Around Valentine’s Day, while on a beautiful holiday for the week, we took a big, bold step together and both decided to give up our past career lives to begin anew with the dreams we’d spoken about at Christmas. He helped me to see my true calling and said that he would always support me (which he did both financially and mentally) in my start to becoming a Transformational Love Coach for women: “you have a true gift, honey” and I encouraged him in his pursuit of his dream of having his own business in financial regulation. Everything was on the road to success. Our dreams were big and our beliefs in each other even bigger.
But then, not everything works immediately. That is just life’s little way of making sure that we want it badly enough. My aims were more tangible: I wanted to help women to find the love life and life of their dreams. His were higher: he wanted to make millions. Everything was fine until the client that he had counted on – the one that would have guaranteed that lifestyle that we’d spoken of having together – didn’t come through at the last moment. That’s when disaster began to strike.

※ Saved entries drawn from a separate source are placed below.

Lemma is_family_deriv_Rfam s r : 1 < gamma -> 0 < s -> r <= r0 -> 1 < r - s ->
  is_family_deriv (fun _ : unit => 1) Rfam Rfam_deriv s r.
Proof.
move=> g1 s0 rr lr; split=> [u Uu e e0|u Uu [] x]; last exact: Rfam_deriv_linear.
have [sci cic cr gap1] := Rfam_scales lr.
set c := mid_scale 1 0 s r in sci cic cr gap1 *; set ci := mid_scale 0 1 s c in sci cic gap1 *.
have [ci0 c0 cr0 cir0 k0] : [/\ 0 < ci, 0 < c, c <= r0, ci <= r0 & 0 < ci - s].
  by split; lra.
have gap : 0%:R + 1 < c - ci by rewrite add0r.
have FT := (is_family_deriv_Qder (i := 0) g1 ci0 cr0 gap).1.
have [CD CD0 hCD] := hf_bounded (holder_family_Qder (i := 1) g1) ci0 cr0 gap1.
have [C1 C10 hC1] := Rfam_bounded s0 (ltW sci) cir0.
have [C2 C20 hC2] := Rfam_bounded c0 (ltW cr) rr.
have e20 : 0 < e / 2 by rewrite divr_gt0.
have [e1 e10 he1] := small_factor (mulr_ge0 C10 C20) e20.
have [eta eta0 heta] := small_factor (mulr_ge0 CD0 C20) e20.
have [d1 d10 hd1] := FT u Uu e1 e10.
have [d2 d20 hd2] := holder_family_cont holder_family_Rfam (lt_trans ltr01 g1) s0 cir0 k0 Uu eta0.
exists (Num.min d1 d2) => [|v]; first by rewrite lt_min d10 d20.
rewrite lt_min => /andP[v1 v2] Uv [] x; rewrite Rfam_remainder // -/c -/ci.
set y := Rfam c r u tt x; set Dv := Qder 1 ci c u (tt, v) y.
have hy : `|y| <= C2 * `|x| by apply: hC2.
have T1 : `|Rfam s ci (u + v) tt (Qder 0 ci c (u + v) tt y - Qder 0 ci c u tt y - Dv)|
    <= C1 * (e1 * `|v| * (C2 * `|x|)).
  apply: le_trans (hC1 _ Uv _) _; rewrite ler_wpM2l //.
  apply: le_trans (hd1 v v1 Uv tt y) _; rewrite /= mulr1 ler_wpM2l //.
  by rewrite mulr_ge0 // ltW.
have T2 : `|Rfam s ci (u + v) tt Dv - Rfam s ci u tt Dv| <= eta * (CD * `|v| * (C2 * `|x|)).
  rewrite distrC; apply: le_trans (hd2 (u + v) Uv _ tt Dv) _.
    by rewrite opprD addrA subrr sub0r normrN.
  rewrite mulr1; apply: ler_wpM2l; first exact: ltW.
  apply: le_trans (hCD u Uu (tt, v) y) _.
  by rewrite /= mul1r ler_wpM2l // mulr_ge0.
apply: le_trans (ler_normD _ _) _; apply: le_trans (lerD T1 T2) _.
have W0 : 0 <= `|v| * `|x| by rewrite mulr_ge0.
by have := ler_wpM2r W0 (lerD he1 heta); lra.
Qed.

I felt instantly that pang of something wrong when I saw his face as he was telling me about it. I could feel some dark fear inside me told me that things would begin to slide downward from there. In fact, his ego was hurt, but I did all that I could to help it come back together and we seemed to thrive even after that first crisis. Seeing just how much I supported him, and the strength of our communication, reaffirmed everything that we were good to each other. We succeeded for a while, but other disasters would follow. With each one, his desire to drink would steer up a bit, though he was still able to keep it at bay. But his irritation and his doubt was growing. Perhaps he wasn’t handling it all as well as I thought he was. My business, meanwhile, was taking small steps forward. He’d been right all along: this was my calling.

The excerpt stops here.